- What is required -
Could you retype, exactly as written, every line from the top of the records through the line that contains "Context: A directed"?

- Collected data -
========
(* Let $G$ be a finite directed graph. If $R\subseteq V(G)$ is nonempty and $\mathrm{DT}_R(G)$ has more than one maximal face, then there is an edge $(x\rightarrow y)\in E(G)$ which is nice in $\mathrm{DT}_R(G)$.
   Context: A directed forest in $G$ is a set of edges of $G$ which, viewed as a graph on $V(G)$, is acyclic and has at most one edge directed to each vertex; its roots are the vertices with no forest edge directed to them. $\mathrm{DT}(G)$ is the simplicial complex with vertex set $E(G)$ whose simplices are the directed forests; $\mathrm{DT}_R(G)$ is the subcomplex generated by the directed forests with root set exactly $R$. An edge $(x\rightarrow y)$ of $G$ is nice in a subcomplex $\Delta$ of $\mathrm{DT}(G)$ if (i) there is an edge $(z\rightarrow y)$ in $\Delta$ with $z\ne x$, and (ii) every forest $F\in\Delta$ without an edge directed to $y$ satisfies $F\cup\{(x\rightarrow y)\}\in\Delta$. *)

From mathcomp Require Import all_boot.
Set Implicit Arguments. Unset Strict Implicit. Unset Printing Implicit Defensive.

(* A finite directed graph G: vertex type V : finType (V(G)), edge set
   E : {set V * V} (E(G)); the pair (x, y) is the directed edge x -> y.
   Sets of edges are F : {set V * V}. *)

Section DT.
Variable V : finType.

Definition joins (e : V * V) (a b : V) : bool :=
  (e == (a, b)) || (e == (b, a)).

(* F contains a cycle of the underlying (undirected multi)graph on V:
   a closed trail v_0, e_0, v_1, ..., v_{k-1}, e_{k-1}, v_0 with k >= 1,
   pairwise distinct vertices v_i and pairwise distinct edges e_i in F,
   where e_i joins v_i and v_{(i+1) mod k}. *)
Definition has_cycle (F : {set V * V}) : Prop :=
  exists (v0 : V) (vs : seq V) (es : seq (V * V)),
    [/\ size es = size vs, 0 < size vs, uniq vs, uniq es &
      forall i, i < size vs ->
        let e := nth (v0, v0) es i in
        (e \in F) && joins e (nth v0 vs i) (nth v0 vs (i.+1 %% size vs))].

Definition acyclic (F : {set V * V}) : Prop := ~ has_cycle F.

Definition indeg_le1 (F : {set V * V}) : Prop :=
  forall y : V, #|[set e in F | e.2 == y]| <= 1.

Definition directed_forest (E F : {set V * V}) : Prop :=
  [/\ F \subset E, acyclic F & indeg_le1 F].

Definition roots (F : {set V * V}) : {set V} :=
  [set v | [forall e in F, e.2 != v]].

(* A subcomplex of DT(G) is represented by its set of faces (a predicate on
   edge sets). *)
Definition complex := {set V * V} -> Prop.

Definition DT (E : {set V * V}) : complex := fun F => directed_forest E F.

(* DT_R(G): subcomplex generated by the directed forests with root set
   exactly R, i.e. faces are subsets of such forests. *)
Definition DT_R (E : {set V * V}) (R : {set V}) : complex :=
  fun F => exists F', [/\ directed_forest E F', roots F' = R & F \subset F'].

Definition maximal_face (D : complex) (F : {set V * V}) : Prop :=
  D F /\ forall F', D F' -> F \subset F' -> F' = F.

Definition has_several_maximal_faces (D : complex) : Prop :=
  exists F1 F2, [/\ maximal_face D F1, maximal_face D F2 & F1 != F2].

Definition nice (D : complex) (x y : V) : Prop :=
  (exists z, z != x /\ D [set (z, y)]) /\
  (forall F, D F -> [forall e in F, e.2 != y] -> D (F :|: [set (x, y)])).

End DT.

From mathcomp Require Import all_boot zify.
From Stdlib Require Import Classical.

Set Implicit Arguments. Unset Strict Implicit. Unset Printing Implicit Defensive.

(* A maximal face of DT_R(G) is a forest with root set exactly R, that is, an
   acyclic choice of a parent for every vertex outside R.  Fix one such forest
   F and call a vertex settled when every such forest gives it the same path
   to its root as F.  Roots are settled and F-parents of settled vertices are
   settled; as there is a second maximal face, some vertex is unsettled, and
   walking up F from it we meet an unsettled y whose F-parent x is settled.
   The edge x -> y is nice: some forest gives y a parent other than x
   (otherwise y would be settled), and in any forest T, redirecting the edge
   into y to come from x keeps a forest with the same roots, because the
   T-path from x is its F-path, which avoids y. *)

Lemma orbit_periodic_point (T : finType) (f : T -> T) x :
  exists i, fcycle f (orbit f (iter i f x)).
Proof.
have /trajectP [i lt_i_ord iter_order_eq] := looping_order f x.
exists i; apply/(orbitPcycle 3 0); exists (order f x - i).-1.
by rewrite prednK ?subn_gt0 // -iterD subnK 1?ltnW.
Qed.

Section ParentMap.
Variable V : finType.
Implicit Types S : {set V * V}.

Definition parent S (v : V) : V :=
  if [pick e in S | e.2 == v] is Some e then e.1 else v.

Lemma rootsP S v : reflect (forall e, e \in S -> e.2 != v) (v \in roots S).
Proof. by rewrite inE; apply: (iffP forall_inP). Qed.

Lemma parent_edge S v : v \notin roots S -> (parent S v, v) \in S.
Proof.
rewrite /parent; case: pickP => [[u w] /andP [uwS /eqP /= <- //] | noedge].
by case/negP; apply/rootsP => e eS; have := noedge e; rewrite eS => /negbT.
Qed.

Lemma parent_root S v : v \in roots S -> parent S v = v.
Proof.
move/rootsP => no_edge; rewrite /parent; case: pickP => [e /andP [eS ev] | //].
by have := no_edge e eS; rewrite ev.
Qed.

Lemma parentE S u v : indeg_le1 S -> (u, v) \in S -> parent S v = u.
Proof.
move=> S_indeg uvS; rewrite /parent; case: pickP => [e /andP [eS /eqP ev] | ].
  suff -> : e = (u, v) by [].
  by apply: (card_le1_eqP (S_indeg v)); rewrite inE ?eS ?uvS ?ev /=.
by move/(_ (u, v)); rewrite uvS eqxx.
Qed.

Lemma parent_nonroot_cycle S w :
    fcycle (parent S) (orbit (parent S) w) ->
    {in orbit (parent S) w, forall u, u \notin roots S} -> has_cycle S.
Proof.
set f := parent S => w_cycle nonroot.
exists w, (orbit f w), [seq (f u, u) | u <- orbit f w]; split.
- by rewrite size_map.
- by rewrite size_orbit order_gt0.
- exact: orbit_uniq.
- by rewrite map_inj_uniq ?orbit_uniq // => a b [_ ->].
rewrite size_orbit => i lt_i_ord /=.
have u_orbit : nth w (orbit f w) i \in orbit f w by rewrite mem_nth ?size_orbit.
have next_u : nth w (orbit f w) (i.+1 %% order f w) = f (nth w (orbit f w) i).
  rewrite !nth_traject ?ltn_pmod ?order_gt0 //.
  have [lt_i1_ord | ge_i1_ord] := ltnP i.+1 (order f w).
    by rewrite modn_small.
  have eq_i1_ord : i.+1 = order f w by lia.
  rewrite {1}eq_i1_ord modnn -iterS eq_i1_ord.
  by apply/esym/(orbitPcycle 0 4).
rewrite (nth_map w) ?size_orbit // next_u /joins eqxx orbT andbT.
exact/parent_edge/nonroot.
Qed.

Definition reaches_root S v := exists n, iter n (parent S) v \in roots S.

Lemma reaches_root_parent S v : reaches_root S (parent S v) -> reaches_root S v.
Proof. by case=> n root_n; exists n.+1; rewrite iterSr. Qed.

Lemma acyclic_reaches_root S v : acyclic S -> reaches_root S v.
Proof.
move=> S_acyclic; apply: NNPP => no_root.
have [i w_cycle] := orbit_periodic_point (parent S) v.
apply/S_acyclic/(parent_nonroot_cycle w_cycle) => _ /trajectP [j _ ->].
by apply/negP => root_j; apply: no_root; exists (j + i); rewrite iterD.
Qed.

Lemma acyclic_of_potential S (h : V -> nat) :
  indeg_le1 S -> (forall u v, (u, v) \in S -> h u < h v) -> acyclic S.
Proof.
move=> S_indeg h_incr [v0 [vs [es [size_es k_gt0 _ es_uniq cyc]]]].
set k := size vs in k_gt0 cyc.
pose u j := nth v0 vs j; pose e j := nth (v0, v0) es j.
(* At a vertex of maximal potential both cycle edges point inwards. *)
case: (@arg_maxnP _ (Ordinal k_gt0) xpredT (fun j => h (u j)) isT).
move=> [i lt_ik] _ max_i.
have edge_into_max a f : f \in S -> joins f (u i) a -> h a <= h (u i) -> f = (a, u i).
  move=> fS /orP [/eqP f_out | /eqP //] le_a.
  by move: fS; rewrite f_out => /h_incr; rewrite ltnNge le_a.
pose j := (i + k.-1) %% k.
have lt_jk : j < k by rewrite ltn_pmod.
have j_pred : j.+1 %% k = i.
  by rewrite /j -addn1 modnDml -addnA addn1 prednK // modnDr modn_small.
have /andP [ei_S ei_joins] := cyc i lt_ik.
have /andP [ej_S ej_joins] := cyc j lt_jk; rewrite j_pred in ej_joins.
have ei_into : e i = (u (i.+1 %% k), u i).
  apply: edge_into_max => //.
  by apply: (max_i (Ordinal (ltn_pmod i.+1 k_gt0))).
have ej_into : e j = (u j, u i).
  apply: edge_into_max => //; first by move: ej_joins; rewrite /joins orbC.
  by apply: (max_i (Ordinal lt_jk)).
have /eqP eq_ij : i == j.
  rewrite -(nth_uniq (v0, v0) _ _ es_uniq) ?size_es //.
  apply/eqP/(card_le1_eqP (S_indeg (u i)));
    by rewrite !inE -/(e i) -/(e j) ?ei_S ?ej_S ?ei_into ?ej_into /=.
by move: ej_S; rewrite -/(e j) ej_into -eq_ij => /h_incr; rewrite ltnn.
Qed.

Lemma acyclic_of_reaches_root S :
  indeg_le1 S -> (forall v, reaches_root S v) -> acyclic S.
Proof.
move=> S_indeg reach.
apply: (acyclic_of_potential (h := fun v => ex_minn (reach v))) => //.
move=> u v uvS; case: ex_minnP => a _ min_a; case: ex_minnP => [[|b] root_b _].
  by move/rootsP: root_b => /(_ _ uvS); rewrite eqxx.
by apply: min_a; rewrite -(parentE S_indeg uvS) -iterSr.
Qed.

Lemma eq_forest_parent S1 S2 :
    roots S1 = roots S2 -> indeg_le1 S1 -> indeg_le1 S2 ->
  parent S1 =1 parent S2 -> S1 = S2.
Proof.
have sub T1 T2 : roots T1 = roots T2 -> indeg_le1 T1 ->
    parent T1 =1 parent T2 -> T1 \subset T2.
  move=> eq_roots T1_indeg eq_parent; apply/subsetP => -[u v] uvT1.
  have v_nonroot : v \notin roots T2.
    by rewrite -eq_roots; apply/rootsP => /(_ _ uvT1); rewrite eqxx.
  by have := parent_edge v_nonroot; rewrite -eq_parent (parentE T1_indeg uvT1).
move=> eq_roots S1_indeg S2_indeg eq_parent; apply/eqP; rewrite eqEsubset.
by rewrite !sub // => v; rewrite eq_parent.
Qed.

Definition reparent S x y := [set e in S | e.2 != y] :|: [set (x, y)].

Section Reparent.
Variables (S : {set V * V}) (x y : V).
Hypotheses (S_indeg : indeg_le1 S) (y_nonroot : y \notin roots S).

Lemma indeg_le1_reparent : indeg_le1 (reparent S x y).
Proof.
move=> v; have [-> | v_ne_y] := eqVneq v y.
  rewrite -(cards1 (x, y)); apply/subset_leq_card/subsetP => e.
  by rewrite !inE => /andP [/orP [/andP [_ /negPf ->] | ->]].
apply: leq_trans (S_indeg v); apply/subset_leq_card/subsetP => e.
rewrite !inE => /andP [/orP [/andP [-> _] | /eqP -> /=] // /eqP eq_yv].
by rewrite eq_yv eqxx in v_ne_y.
Qed.

Lemma roots_reparent : roots (reparent S x y) = roots S.
Proof.
apply/setP => v; apply/rootsP/rootsP => no_edge e eS.
  have [-> | e2_ne_y] := eqVneq e.2 y.
    by apply: (no_edge (x, y)); rewrite !inE !eqxx orbT.
  by apply: no_edge; rewrite !inE eS e2_ne_y.
move: eS; rewrite !inE => /orP [/andP [eS _] | /eqP -> /=]; first exact: no_edge.
by apply: contraNneq y_nonroot => ->; apply/rootsP.
Qed.

Lemma parent_reparent v :
  parent (reparent S x y) v = if v == y then x else parent S v.
Proof.
have [-> | v_ne_y] := eqVneq v y.
  by apply: parentE indeg_le1_reparent _; rewrite !inE !eqxx orbT.
have [v_root | v_nonroot] := boolP (v \in roots S).
  by rewrite !parent_root ?roots_reparent.
by apply: parentE indeg_le1_reparent _; rewrite !inE parent_edge ?v_ne_y.
Qed.

Lemma acyclic_reparent :
  acyclic S -> (forall n, iter n (parent S) x != y) -> acyclic (reparent S x y).
Proof.
move=> S_acyclic x_not_below_y.
have reach_x : reaches_root (reparent S x y) x.
  have [n root_n] := acyclic_reaches_root x S_acyclic; exists n.
  suff -> : iter n (parent (reparent S x y)) x = iter n (parent S) x.
    by rewrite roots_reparent.
  by elim: n {root_n} => //= n ->; rewrite parent_reparent (negPf (x_not_below_y n)).
apply: acyclic_of_reaches_root; first exact: indeg_le1_reparent.
move=> v; have [n] := acyclic_reaches_root v S_acyclic.
elim: n v => [|n IH] v root_n; first by exists 0; rewrite roots_reparent.
apply: reaches_root_parent; rewrite parent_reparent.
by case: eqVneq => [// | _]; apply: IH; rewrite -iterSr.
Qed.

End Reparent.

End ParentMap.

Section NiceEdge.
Variables (V : finType) (E : {set V * V}) (R : {set V}).

Definition rooted_forest T := directed_forest E T /\ roots T = R.

Lemma maximal_face_rooted_forest F : maximal_face (DT_R E R) F -> rooted_forest F.
Proof.
case=> -[T [T_forest T_roots F_sub_T]] F_max.
by rewrite -(F_max T) //; exists T.
Qed.

Variable F : {set V * V}.
Hypothesis F_forest : rooted_forest F.

Definition settled w :=
  forall T, rooted_forest T -> forall n, iter n (parent T) w = iter n (parent F) w.

Lemma settled_root r : r \in R -> settled r.
Proof.
move=> r_in_R T [_ T_roots] n.
by rewrite !iter_fix // parent_root ?T_roots ?F_forest.2.
Qed.

Lemma settled_parent w : settled w -> settled (parent F w).
Proof.
move=> w_settled T T_forest n; have /= parent_eq := w_settled T T_forest 1.
by rewrite -{1}parent_eq -iterSr w_settled // iterSr.
Qed.

Lemma settled_iter n w : settled w -> settled (iter n (parent F) w).
Proof. by elim: n w => //= n IH w /IH /settled_parent. Qed.

Lemma parent_edge_unsettled y : ~ settled y -> (parent F y, y) \in F.
Proof.
move=> y_unsettled; apply: parent_edge; rewrite F_forest.2.
by apply/negP => /settled_root.
Qed.

Lemma rooted_forest_settled_eq T :
  rooted_forest T -> (forall w, settled w) -> T = F.
Proof.
move=> T_forest all_settled.
case: F_forest (T_forest) => -[_ _ F_indeg] F_roots [[_ _ T_indeg] T_roots].
apply: eq_forest_parent => //; first by rewrite T_roots F_roots.
by move=> v; apply: (all_settled v T T_forest 1).
Qed.

Lemma unsettled_child_of_settled w :
  ~ settled w -> exists2 y, ~ settled y & settled (parent F y).
Proof.
case: F_forest => -[_ F_acyclic _] F_roots.
have [n] := acyclic_reaches_root w F_acyclic.
elim: n w => [|n IH] w; first by rewrite F_roots => /settled_root.
rewrite iterSr => root_n w_unsettled.
have [parent_settled | parent_unsettled] := classic (settled (parent F w)).
  by exists w.
exact: IH root_n parent_unsettled.
Qed.

Lemma nice_unsettled_child y :
  ~ settled y -> settled (parent F y) -> nice (DT_R E R) (parent F y) y.
Proof.
case: (F_forest) => -[F_sub_E _ _] _ y_unsettled x_settled; set x := parent F y.
have y_notin_R : y \notin R by apply/negP => /settled_root.
split.
  apply: NNPP => no_other_parent; apply: y_unsettled => T T_forest [|n] //.
  have parent_T_y : parent T y = x.
    apply: NNPP => /eqP ne_x; apply: no_other_parent; exists (parent T y).
    split => //; exists T; case: T_forest => T_dforest T_roots; split => //.
    by rewrite sub1set parent_edge ?T_roots.
  by rewrite !iterSr parent_T_y x_settled.
move=> F' [T [T_dforest T_roots F'_sub_T]] no_edge_y.
have T_forest : rooted_forest T by [].
case: T_dforest => T_sub_E T_acyclic T_indeg.
have y_nonroot : y \notin roots T by rewrite T_roots.
have x_not_below_y n : iter n (parent T) x != y.
  apply: contra_notN y_unsettled => /eqP <-.
  by rewrite (x_settled T T_forest n); apply: settled_iter.
exists (reparent T x y); split.
- split; [ | exact: acyclic_reparent | exact: indeg_le1_reparent].
  apply/subsetP => e; rewrite !inE => /orP [/andP [eT _] | /eqP ->].
    exact: (subsetP T_sub_E).
  exact/(subsetP F_sub_E)/parent_edge_unsettled.
- by rewrite roots_reparent.
apply/subsetP => e; rewrite !inE => /orP [eF' | ->]; last by rewrite orbT.
by rewrite (subsetP F'_sub_T e eF') (forall_inP no_edge_y e eF').
Qed.

End NiceEdge.

Theorem lemma2p6 (V : finType) (E : {set V * V}) (R : {set V}) :
  R != set0 ->
  has_several_maximal_faces (DT_R E R) ->
  exists x y : V, (x, y) \in E /\ nice (DT_R E R) x y.
Proof.
move=> _ [F1 [F2 [/maximal_face_rooted_forest F1_forest
                 /maximal_face_rooted_forest F2_forest F1_ne_F2]]].
have [w w_unsettled] : exists w, ~ settled E R F1 w.
  apply: NNPP => all_settled; move/eqP: F1_ne_F2; apply.
  apply/esym/(rooted_forest_settled_eq F1_forest F2_forest) => w.
  by apply: NNPP => w_unsettled; apply: all_settled; exists w.
have [y y_unsettled x_settled] := unsettled_child_of_settled F1_forest w_unsettled.
exists (parent F1 y), y; split; last exact: nice_unsettled_child.
case: (F1_forest) => -[F1_sub_E _ _] _.
exact: (subsetP F1_sub_E _ (parent_edge_unsettled F1_forest y_unsettled)).
Qed.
========
- Answer to this task -
(* Let $G$ be a finite directed graph. If $R\subseteq V(G)$ is nonempty and $\mathrm{DT}_R(G)$ has more than one maximal face, then there is an edge $(x\rightarrow y)\in E(G)$ which is nice in $\mathrm{DT}_R(G)$.
   Context: A directed forest in $G$ is a set of edges of $G$ which, viewed as a graph on $V(G)$, is acyclic and has at most one edge directed to each vertex; its roots are the vertices with no forest edge directed to them. $\mathrm{DT}(G)$ is the simplicial complex with vertex set $E(G)$ whose simplices are the directed forests; $\mathrm{DT}_R(G)$ is the subcomplex generated by the directed forests with root set exactly $R$. An edge $(x\rightarrow y)$ of $G$ is nice in a subcomplex $\Delta$ of $\mathrm{DT}(G)$ if (i) there is an edge $(z\rightarrow y)$ in $\Delta$ with $z\ne x$, and (ii) every forest $F\in\Delta$ without an edge directed to $y$ satisfies $F\cup\{(x\rightarrow y)\}\in\Delta$. *)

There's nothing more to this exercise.